* _WHAT IS BEING ASKED_
Below are entries; output exactly the lines from the one with "Definition Linfty_norm (f" to the one with "if a <= b then", both included, and nothing else.

Stored data:
(* Let $f^-,f^+:\mathbb R\to\mathbb R$ be twice differentiable and consider the state coupling $\theta_-=\theta_+=\mathrm{Id}$, so that $w(u,v)=u$ and $f(w,v)=(1-v)f^-(w)+vf^+(w)$. Let $v\in L^\infty(\mathbb R)$ take values in $[0,1]$, and let $w_0\in L^\infty(\mathbb R)\cap BV(\mathbb R)$ be the initial datum. Let $0<\epsilon<\frac12$ and assume the strengthened CFL condition $$\frac{\Delta t}{\Delta x}\max_{|w|\le\|w_0\|_{L^\infty(\mathbb R)},\ 0\le v\le1}|\partial_wf(w,v)|\le\frac12-\epsilon.$$ Then the finite volume scheme described in the context, with the Godunov numerical flux, is total variation diminishing: $TV(w_{\Delta x}(t^{n+1},\cdot))\le TV(w_{\Delta x}(t^n,\cdot))$ for all $n$, and in particular $TV(w_{\Delta x}(t^n,\cdot))\le TV(w_0)$ for all $n$.
   Context: Mesh $\Delta t,\Delta x>0$, $t^n=n\Delta t$, $x_j=j\Delta x$, $x_{j+1/2}=(j+1/2)\Delta x$. Set $w^0_j=\frac1{\Delta x}\int_{x_{j-1/2}}^{x_{j+1/2}}w_0$ and $v_{j+1/2}=\frac1{\Delta x}\int_{x_j}^{x_{j+1}}v$. Godunov flux: for $v\in[0,1]$, $g(a,b;v)=f(\omega(0^+;a,b,v),v)$, where $\omega(x/t;a,b,v)$ is the self-similar entropy solution of the Riemann problem $\partial_t\omega+\partial_xf(\omega,v)=0$ with $\omega(0,x)=a$ for $x<0$ and $b$ for $x>0$. Scheme (which here has $u^n_j=w^n_j$): reconstruction $w^n_{j-1/2,+}=w^n_{j+1/2,-}=w^n_j$, $w^n_{j+1/2,+}=w^n_{j+1}$; $g^n_{j+1/2}=g(w^n_j,w^n_{j+1};v_{j+1/2})$; $w^{n+1}_j=w^n_j-\frac{\Delta t}{\Delta x}\big((g^n_{j+1/2}-f(w^n_j,v_{j+1/2}))-(g^n_{j-1/2}-f(w^n_j,v_{j-1/2}))\big)$. The approximate solution is $w_{\Delta x}(t,x)=w^n_j$ for $x\in(x_{j-1/2},x_{j+1/2})$, $t\in[t^n,t^{n+1})$, and $TV$ denotes total variation on $\mathbb R$. *)

From HB Require Import structures.
From mathcomp Require Import all_boot all_order all_algebra.
From mathcomp Require Import all_classical all_reals all_analysis.

Set Implicit Arguments.
Unset Strict Implicit.
Unset Printing Implicit Defensive.
Import Order.TTheory GRing.Theory Num.Theory.
Import numFieldNormedType.Exports.
Local Open Scope classical_set_scope.
Local Open Scope ring_scope.

Section Defs.
Variable R : realType.

Local Notation leb := (@lebesgue_measure R).

Definition TV_pointwise (f : R -> R) : \bar R :=
  ereal_sup [set total_variation ab.1 ab.2 f | ab in [set: R * R]].

(* Total variation on R of (the L^1_loc class of) f: the essential variation,
   i.e. the infimum of the pointwise variation over all a.e.-representatives. *)
Definition TV (f : R -> R) : \bar R :=
  ereal_inf [set TV_pointwise g | g in [set g : R -> R | {ae leb, forall x, g x = f x}]].

Definition Linfty (f : R -> R) : Prop :=
  measurable_fun [set: R] f /\ exists M : R, {ae leb, forall x, `|f x| <= M}.

Definition Linfty_norm (f : R -> R) : R :=
  inf [set M : R | {ae leb, forall x, `|f x| <= M}].

Definition avg (dx a b : R) (f : R -> R) : R :=
  dx^-1 * Rintegral leb `[a, b] f.

Definition flux (fm fp : R -> R) (w v : R) : R := (1 - v) * fm w + v * fp w.

(* Godunov numerical flux for the scalar flux F := flux fm fp (.) v:
   g(a,b;v) = min_{a<=w<=b} F(w) if a <= b, max_{b<=w<=a} F(w) if a > b.
   (Closed form of f(omega(0+;a,b,v),v), omega the entropy Riemann solution.) *)
Definition godunov (fm fp : R -> R) (a b v : R) : R :=
  if a <= b then inf [set flux fm fp w v | w in `[a, b]]
  else sup [set flux fm fp w v | w in `[b, a]].

Definition xc (dx : R) (j : int) : R := j%:~R * dx.
Definition xh (dx : R) (j : int) : R := (j%:~R + 2^-1) * dx.

Definition vh (dx : R) (v : R -> R) (j : int) : R := avg dx (xc dx j) (xc dx (j + 1)) v.

Definition w_init (dx : R) (w0 : R -> R) (j : int) : R :=
  avg dx (xh dx (j - 1)) (xh dx j) w0.

Definition step (fm fp : R -> R) (dt dx : R) (v : R -> R) (w : int -> R) (j : int) : R :=
  let gr := godunov fm fp (w j) (w (j + 1)) (vh dx v j) in
  let gl := godunov fm fp (w (j - 1)) (w j) (vh dx v (j - 1)) in
  w j - dt / dx * ((gr - flux fm fp (w j) (vh dx v j))
                   - (gl - flux fm fp (w j) (vh dx v (j - 1)))).

Fixpoint scheme (fm fp : R -> R) (dt dx : R) (v w0 : R -> R) (n : nat) : int -> R :=
  match n with
  | 0%N => w_init dx w0
  | n'.+1 => step fm fp dt dx v (scheme fm fp dt dx v w0 n')
  end.

(* w_{dx}(t^n, x) = w^n_j for x in (x_{j-1/2}, x_{j+1/2}); the (measure-zero)
   values at the cell interfaces x_{j+1/2} are set to w^n_{j+1}. *)
Definition w_dx (fm fp : R -> R) (dt dx : R) (v w0 : R -> R) (n : nat) (x : R) : R :=
  scheme fm fp dt dx v w0 n (Num.floor (x / dx + 2^-1)).

End Defs.

(* The Godunov flux is monotone: by the mean value theorem and the CFL
   condition, F(a) - g(a,b) and F(b) - g(a,b) are multiples of b - a with
   factors in [0, 1/2].  One step of the scheme therefore has Harten's
   incremental form w'_j = w_j + al_j (w_{j+1} - w_j) - be_{j-1} (w_j - w_{j-1}),
   which is a convex combination of neighbouring values (so |w| <= ||w0||_oo
   propagates and the CFL bound stays applicable) and does not increase the
   discrete variation sum_j |w_{j+1} - w_j|.  The total variation of the
   piecewise constant w_dx equals the discrete variation of its cell values,
   since every a.e.-representative attains each cell value inside the cell; and
   the cell averages of w0 have discrete variation at most TV(w0), since every
   average is approximated from above and below by values of any
   representative inside its cell. *)

From HB Require Import structures.
From mathcomp Require Import all_boot all_order all_algebra.
From mathcomp Require Import all_classical all_reals all_analysis.
From mathcomp Require Import ring lra zify.
Import Order.TTheory GRing.Theory Num.Theory.
Import numFieldNormedType.Exports.
Local Open Scope classical_set_scope.
Local Open Scope ring_scope.
Set Implicit Arguments.
Unset Strict Implicit.

Section GodunovIncrements.
Variable R : realType.
(* Consider a market and, for every hospital $h$, a choice function $\mathrm{Ch}_h$ that satisfies substitutability (SUB), irrelevance of rejected contracts (IRC) and compatibility (COM). Then the generalized deferred acceptance mechanism run with these choice functions produces a matching $X'$ that is $B'_H$-stable, where $B'_h=\max\{B_h,w_h(X')\}$ for each $h\in H$.
   Context: A market consists of a finite set of doctors $D$, a finite set of hospitals $H$, a finite set of contracts $X\subseteq D\times H\times\mathbb{R}_{>0}$ (contract $x=(d,h,w)$ has doctor $x_D=d$, hospital $x_H=h$, wage $x_W=w$), strict preferences $\succ_d$ of each doctor $d$ over $X_d\cup\{\emptyset\}$, additive utilities $f_h$ of each hospital ($f_h(x)>0$ for $x\in X_h$, $f_h(Y)=\sum_{x\in Y}f_h(x)$), and budgets $B_h>0$ with $0<x_W\le B_h$ for all $x\in X_h$. For $Y\subseteq X$: $Y_d=\{x\in Y:x_D=d\}$, $Y_h=\{x\in Y:x_H=h\}$, $w_h(Y)=\sum_{x\in Y_h}x_W$. A matching is $Y\subseteq X$ with $|Y_d|\le1$ for all $d$. Given $B'_H=(B'_h)_h$, a matching $Y$ is $B'_H$-feasible if $w_h(Y)\le B'_h$ for all $h$; a matching $Z\subseteq X_h$ blocks $Y$ if every doctor $x_D$ with $x\in Z\setminus Y$ strictly prefers $x$ to her contract in $Y$ (or to $\emptyset$), $f_h(Z)>f_h(Y_h)$ and $w_h(Z)\le B'_h$; $Y$ is $B'_H$-stable if it is $B'_H$-feasible and not blocked by any $h$ and $Z\subseteq X_h$. A choice function of hospital $h$ is a map $\mathrm{Ch}_h:2^{X_h}\to 2^{X_h}$ with $\mathrm{Ch}_h(Y)\subseteq Y$; set $\mathrm{Ch}_H(Y)=\bigcup_{h}\mathrm{Ch}_h(Y_h)$. For a doctor $d$, $\mathrm{Ch}_d(Y)=\{x\}$ where $x$ is the $\succ_d$-best contract in $Y_d$ if $x\succ_d\emptyset$, and $\emptyset$ otherwise; $\mathrm{Ch}_D(Y)=\bigcup_d\mathrm{Ch}_d(Y_d)$. Generalized deferred acceptance: $R^{(0)}=\emptyset$; for $i=1,2,\dots$: $Y^{(i)}=\mathrm{Ch}_D(X\setminus R^{(i-1)})$, $Z^{(i)}=\mathrm{Ch}_H(Y^{(i)})$, $R^{(i)}=R^{(i-1)}\cup(Y^{(i)}\setminus Z^{(i)})$; if $Y^{(i)}=Z^{(i)}$, output $Y^{(i)}$. Properties of $\mathrm{Ch}_h$: SUB: for all $Y''\subseteq Y'\subseteq X_h$, $Y''\setminus\mathrm{Ch}_h(Y'')\subseteq Y'\setminus\mathrm{Ch}_h(Y')$. IRC: for $Y'\subseteq X_h$ and $Y''\subseteq X_h\setminus Y'$, if $\mathrm{Ch}_h(Y'\cup Y'')\subseteq Y'$ then $\mathrm{Ch}_h(Y')=\mathrm{Ch}_h(Y'\cup Y'')$. COM: for all $Y''\subseteq Y'\subseteq X_h$ with $w_h(Y'')\le\max\{B_h,w_h(\mathrm{Ch}_h(Y'))\}$, $f_h(\mathrm{Ch}_h(Y'))\ge f_h(Y'')$. *)

From HB Require Import structures.
From mathcomp Require Import all_boot all_order all_algebra.
Set Implicit Arguments. Unset Strict Implicit. Unset Printing Implicit Defensive.
Import Order.TTheory GRing.Theory Num.Theory.
Local Open Scope ring_scope.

* _RESPONSE TO THE EXERCISE_
Definition Linfty_norm (f : R -> R) : R :=
  inf [set M : R | {ae leb, forall x, `|f x| <= M}].

Definition avg (dx a b : R) (f : R -> R) : R :=
  dx^-1 * Rintegral leb `[a, b] f.

Definition flux (fm fp : R -> R) (w v : R) : R := (1 - v) * fm w + v * fp w.

(* Godunov numerical flux for the scalar flux F := flux fm fp (.) v:
   g(a,b;v) = min_{a<=w<=b} F(w) if a <= b, max_{b<=w<=a} F(w) if a > b.
   (Closed form of f(omega(0+;a,b,v),v), omega the entropy Riemann solution.) *)
Definition godunov (fm fp : R -> R) (a b v : R) : R :=
  if a <= b then inf [set flux fm fp w v | w in `[a, b]]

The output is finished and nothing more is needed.